Thursday, August 9, 2018

2018年(平成30年)
長崎平和宣言
Nagasaki Peace Declaration 2018 (link)


73年前の今日。

89日、午前112分。

真夏の空にさく裂した1発の原子爆弾により、
長崎の街は、無残な姿に変わり果てました。

人も、動物も、草も木も。
生きとし生けるものすべてが、焼き尽くされ、
廃墟と化した街には、おびただしい数の死体が散乱し、

川には、水を求めて力尽きた
沢山の死体が、浮き沈みしながら、河口にまで達しました。

15万人が死傷し、なんとか生き延びた人々も、心と体に深い傷をおい、
今も、放射線の後障害に苦しみ続けています。

原爆は、人間が人間らしく生きる尊厳を、容赦なく奪い去る、
残酷な兵器なのです。

1946年、創設されたばかりの国際連合は、
核兵器など、大量破壊兵器の廃絶を、国連総会決議第一号としました。

同じ年に交付された、日本国憲法は、
平和主義をゆるぎない柱のひとつとして据えました。

広島・長崎が体験した原爆の惨禍と、
それをもたらした戦争を、2度ともたらさない、という強い決意を示し、
その実現を、未来に託したのです。

昨年、この決意を実現しようと訴え続けた国々と、
被爆者をはじめとする、多くの人々の努力が実り、
国連で、核兵器禁止条約が採択されました。

そして、条約の採択に大きな貢献をした、
核兵器廃絶国際キャンペーン(ICAN)が、
ノーベル平和賞を受賞しました。

そのふたつの出来事は、地球上の多くの人々が、
核兵器のない世界の実現を求め続けている証しです。

しかし、第二次世界大戦終結から、73年が経った今も、
世界には、14450発の核弾頭が存在しています。

しかも、核兵器は必要だと、平然と主張し、
核兵器を使って、軍事力を強化しようとする動きが、再び強まっていることに、
被爆地は、強い懸念を持っています。

核兵器を持つ国々と、核の傘に依存している国々のリーダーに訴えます。
国連総会決議第一号で、核兵器の廃絶を目標とした決意を、忘れないでください。

そして、50年前に、核不拡散条約NPTで交わした核軍縮に誠実に取り組むという
世界との約束を果たして下さい。

人類が、もう一度被爆者を生む過ちをおかしてしまう前に、
核兵器に頼らない安全保障政策に転換することを強く求めます。

そして、世界のみなさん。
核兵器禁止条約が一日も早く発行するよう、    
自分の国の政府と国会に、条約の署名と批准を求めてください。

日本政府は、核兵器禁止条約に署名しない立場をとっています。
それに対して、いま300を超える地方議会が、
条約の署名と批准を求める声をあげています。

日本政府には、唯一の戦争被爆国として、核兵器禁止条約に賛同し、
世界を非核化に導く「道義的責任」を果たすことを強く求めます。

今、朝鮮半島では、非核化と平和に向けた新しい動きが生まれつつあります。
南北首脳による、「板門店宣言」や、初めての米朝首脳会談を起点として、
粘り強い外交によって、後戻りすることのない「非核化」が実現することを、
被爆地は、大きな期待をもって見守っています。

日本政府には、この絶好の機会を生かし、日本と朝鮮半島全体を非核化する、
「北東アジア非核兵器地帯」の実現に向けた努力を求めます。

長崎の核兵器廃絶運動を長年けん引してきたふたりの被爆者が、
昨年、あいついで亡くなりました。

その一人の、土山秀夫さんは、
核兵器に頼ろうとする国々のリーダーに対し、こう述べています。
「あなた方が、核兵器を所有し、またこれから所有しようとすることは、何の自慢にもならない。
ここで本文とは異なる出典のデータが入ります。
Lemma actHA_x_oneHA : actHA x (oneHA k n) = 0.
Proof. by rewrite /oneHA actHA_tens act_x actX_oneA (islinear0 (islinear_tensr _)). Qed.

Lemma rhou_pow_g c : mHA g1 (actHA g (rhoup c)) = sc (w ^+ c) (mHA (rhoup c) g1).
Proof.
elim: c => [|c IHc]; first by rewrite actHA_g_oneHA mulHA1 mul1HA sc1v.
rewrite rhoupS actHA_g_mul mulHA_assoc rhou_g (islinearZ (islinear_mulHAl _)) -mulHA_assoc IHc.
by rewrite (islinearZ (islinear_mulHAr _)) scA mulHA_assoc exprS.
Qed.

Lemma rhou_pow_x c : mHA x1 (rhoup c) + mHA g1 (actHA x (rhoup c)) =
  sc (qint c) (rhoup c.-1) + sc (w ^+ c) (mHA (rhoup c) x1).
Proof.
elim: c => [|c IHc].
  rewrite actHA_x_oneHA (islinear0 (islinear_mulHAr _)) addr0 qint0 sc0v add0r sc1v.
  by rewrite mulHA1 mul1HA.
have g1_x : mHA g1 (actHA x (rhoup c)) =
    sc (qint c) (rhoup c.-1) + sc (w ^+ c) (mHA (rhoup c) x1) - mHA x1 (rhoup c).
  by rewrite -IHc (addrC (mHA x1 _)) addrK.
have rhou_pred : mHA rhou (sc (qint c) (rhoup c.-1)) = sc (qint c) (rhoup c).
  case: c {IHc g1_x} => [|c]; first by rewrite qint0 !sc0v (islinear0 (islinear_mulHAr _)).
  by rewrite (islinearZ (islinear_mulHAr _)).
rewrite rhoupS actHA_x_mul (islinearD (islinear_mulHAr _)) !mulHA_assoc rhou_g.
rewrite addrA -(islinearD (islinear_mulHAl _)) rhou_x.
rewrite (islinearD (islinear_mulHAl _)) mul1HA !(islinearZ (islinear_mulHAl _)) -!mulHA_assoc g1_x.
rewrite (islinearB (islinear_mulHAr _)) (islinearD (islinear_mulHAr _)) rhou_pred.
rewrite !(islinearZ (islinear_mulHAr _)) !mulHA_assoc /= qintS scDv sc1v exprS -scA.
by rewrite scvB scvD !scA -addrA (addrC (sc w _)) subrK addrA.
Qed.

Definition yd_compatible (T : HH) := forall m, ydl T (rho m) = ydr T m.

Lemma rho_EA j : (j < n)%N -> rho (EA j) = rhoup j.
Proof.
move=> j_lt; rewrite (EA_deltaf (Ordinal j_lt)).
exact: (linext_deltaf (fun c : 'I_n => rhoup c)).
Qed.

Lemma yd_compatible_upow T :
  (forall c, (c < n)%N -> ydl T (rho (upow c)) = ydr T (upow c)) -> yd_compatible T.
Proof.
move=> Tc; apply: islinear_eq.
- exact: islinear_comp islinear_rho (islinear_ydlr T).
- exact: islinear_ydrr.
by move=> c; rewrite -EA_deltaf -upow_small // Tc.
Qed.

Lemma yd_compatible_mul T T' : yd_compatible T -> yd_compatible T' -> yd_compatible (mHH T T').
Proof.
move=> compT compT' m; rewrite ydl_mul compT' ydr_mul [ydr T' m]/ydr.
rewrite (islinear_sum (islinear_ydlr T)); apply: eq_bigr => pq _.
by rewrite (islinearZ (islinear_ydlr T)) ydl_mulHAr compT.
Qed.

Lemma yd_compatible1 : yd_compatible (oneHH k n).
Proof. by move=> m; rewrite ydl_tens ydr_tens /ydl1 actHA1 act1 mul1HA mulHA1. Qed.

Lemma yd_compatible_pow T j : yd_compatible T -> yd_compatible (powHH w T j).
Proof.
move=> compT; elim: j => [|j IHj]; first exact: yd_compatible1.
exact: yd_compatible_mul.
Qed.

Lemma yd_compatible_g : yd_compatible (tens g g).
Proof.
apply: yd_compatible_upow => c c_lt; rewrite ydl_tens ydr_tens /ydl1 act_g actG_upow.
rewrite (islinearZ islinear_rho) upow_small // rho_EA // rhou_pow_g.
by rewrite (islinearZ (islinear_mulHAl _)).
Qed.

Lemma yd_compatible_x : yd_compatible (tens x oH + tens g x).
Proof.
apply: yd_compatible_upow => c c_lt.
rewrite (islinearD (islinear_ydll _)) (islinearD (islinear_ydrl _)) !ydl_tens !ydr_tens /ydl1.
rewrite actHA1 act_x act_g upow_small // rho_EA // mulHA1 rhou_pow_x -upow_small //.
have cpred_lt : (c.-1 < n)%N := leq_ltn_trans (leq_pred c) c_lt.
rewrite actX_upow actG_upow.
rewrite (islinearZ islinear_rho _ (upow c.-1)) (islinearZ islinear_rho _ (upow c)).
by rewrite !upow_small // !rho_EA // (islinearZ (islinear_mulHAl _)).
Qed.

Lemma yd_compatible_DeltaB i : yd_compatible (DeltaB w i).
Proof.
by apply: yd_compatible_mul; apply: yd_compatible_pow;
  [exact: yd_compatible_g | exact: yd_compatible_x].
Qed.

Lemma YD_lhsE (h : H k n) (m : A k n) : YD_lhs w h m = ydl (Delta w h) (rho m).
Proof.
apply: eq_bigr => pq _; rewrite /ydl1 /actHA /linext (islinear_sum (islinear_mulHAr _)) scv_sum.
apply: eq_bigr => rc _; rewrite (islinearZ (islinear_mulHAr _)) mulHA_tens mul1A scA.
by rewrite -(EHi_deltaf rc.1) -(EA_deltaf rc.2).
Qed.

Lemma YD_rhsE (h : H k n) (m : A k n) : YD_rhs w h m = ydr (Delta w h) m.
Proof.
apply: eq_bigr => pq _; congr sc.
rewrite (islinear_decomp (islinear_mulHAl _)); apply: eq_bigr => -[r c] _ /=; congr sc.
by rewrite -tens_deltaf mulHA_tens mulA1 -(EHi_deltaf r) -(EA_deltaf c).
Qed.

Lemma YD_condition (h : H k n) (m : A k n) : YD_lhs w h m = YD_rhs w h m.
Proof.
rewrite YD_lhsE YD_rhsE /Delta (islinear_sum (islinear_ydll _)) (islinear_sum (islinear_ydrl _)).
apply: eq_bigr => i _; rewrite (islinearZ (islinear_ydll _)) (islinearZ (islinear_ydrl _)).
by rewrite yd_compatible_DeltaB.
Qed.

End Taft.

Theorem proposition5p3 (k : fieldType) (n : nat) (w : k) :
  [pchar k] =i pred0 ->
  (1 < n)%N ->
  n.-primitive_root w ->
  forall (h : H k n) (m : A k n), YD_lhs w h m = YD_rhs w h m.
Proof.
move=> _ n_gt1 w_prim.
have w_n := prim_expr_order w_prim.
have w_neq1 : w != 1.
  by rewrite -{1}[w]expr1 -(expr0 w) (eq_prim_root_expr w_prim) mod0n modn_small.
have sum_w_n : \sum_(j < n) w ^+ j = 0.
  have := subrX1 w n; rewrite w_n subrr => /esym/eqP.
  by rewrite mulf_eq0 subr_eq0 (negbTE w_neq1) => /eqP.
exact: YD_condition.
Qed.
それどころか、恥ずべき人道に対する犯罪の加担者となりかねない、ということを知るべきである。」

もひとりの被爆者、谷口すみてる(link)さんは、こう述べました。
「核兵器と人類は共存できないのです。こんな苦しみは、もう私たちだけでたくさんです。
人間が人間として生きていくためには、地球上に一発たりとも核兵器を残してはなりません。」

ふたりは、戦争や被爆の体験がない人たちが、道を間違えてしまうことを強く心配していました。
ふたりがいなくなったいま、改めて政府に、
「戦争をしない」
という日本国憲法に込められた思いを、次世代に引き継がなくてはならないと思います。Signature Ceremony for N.Bombs Ban Treaty..(2017.9.21)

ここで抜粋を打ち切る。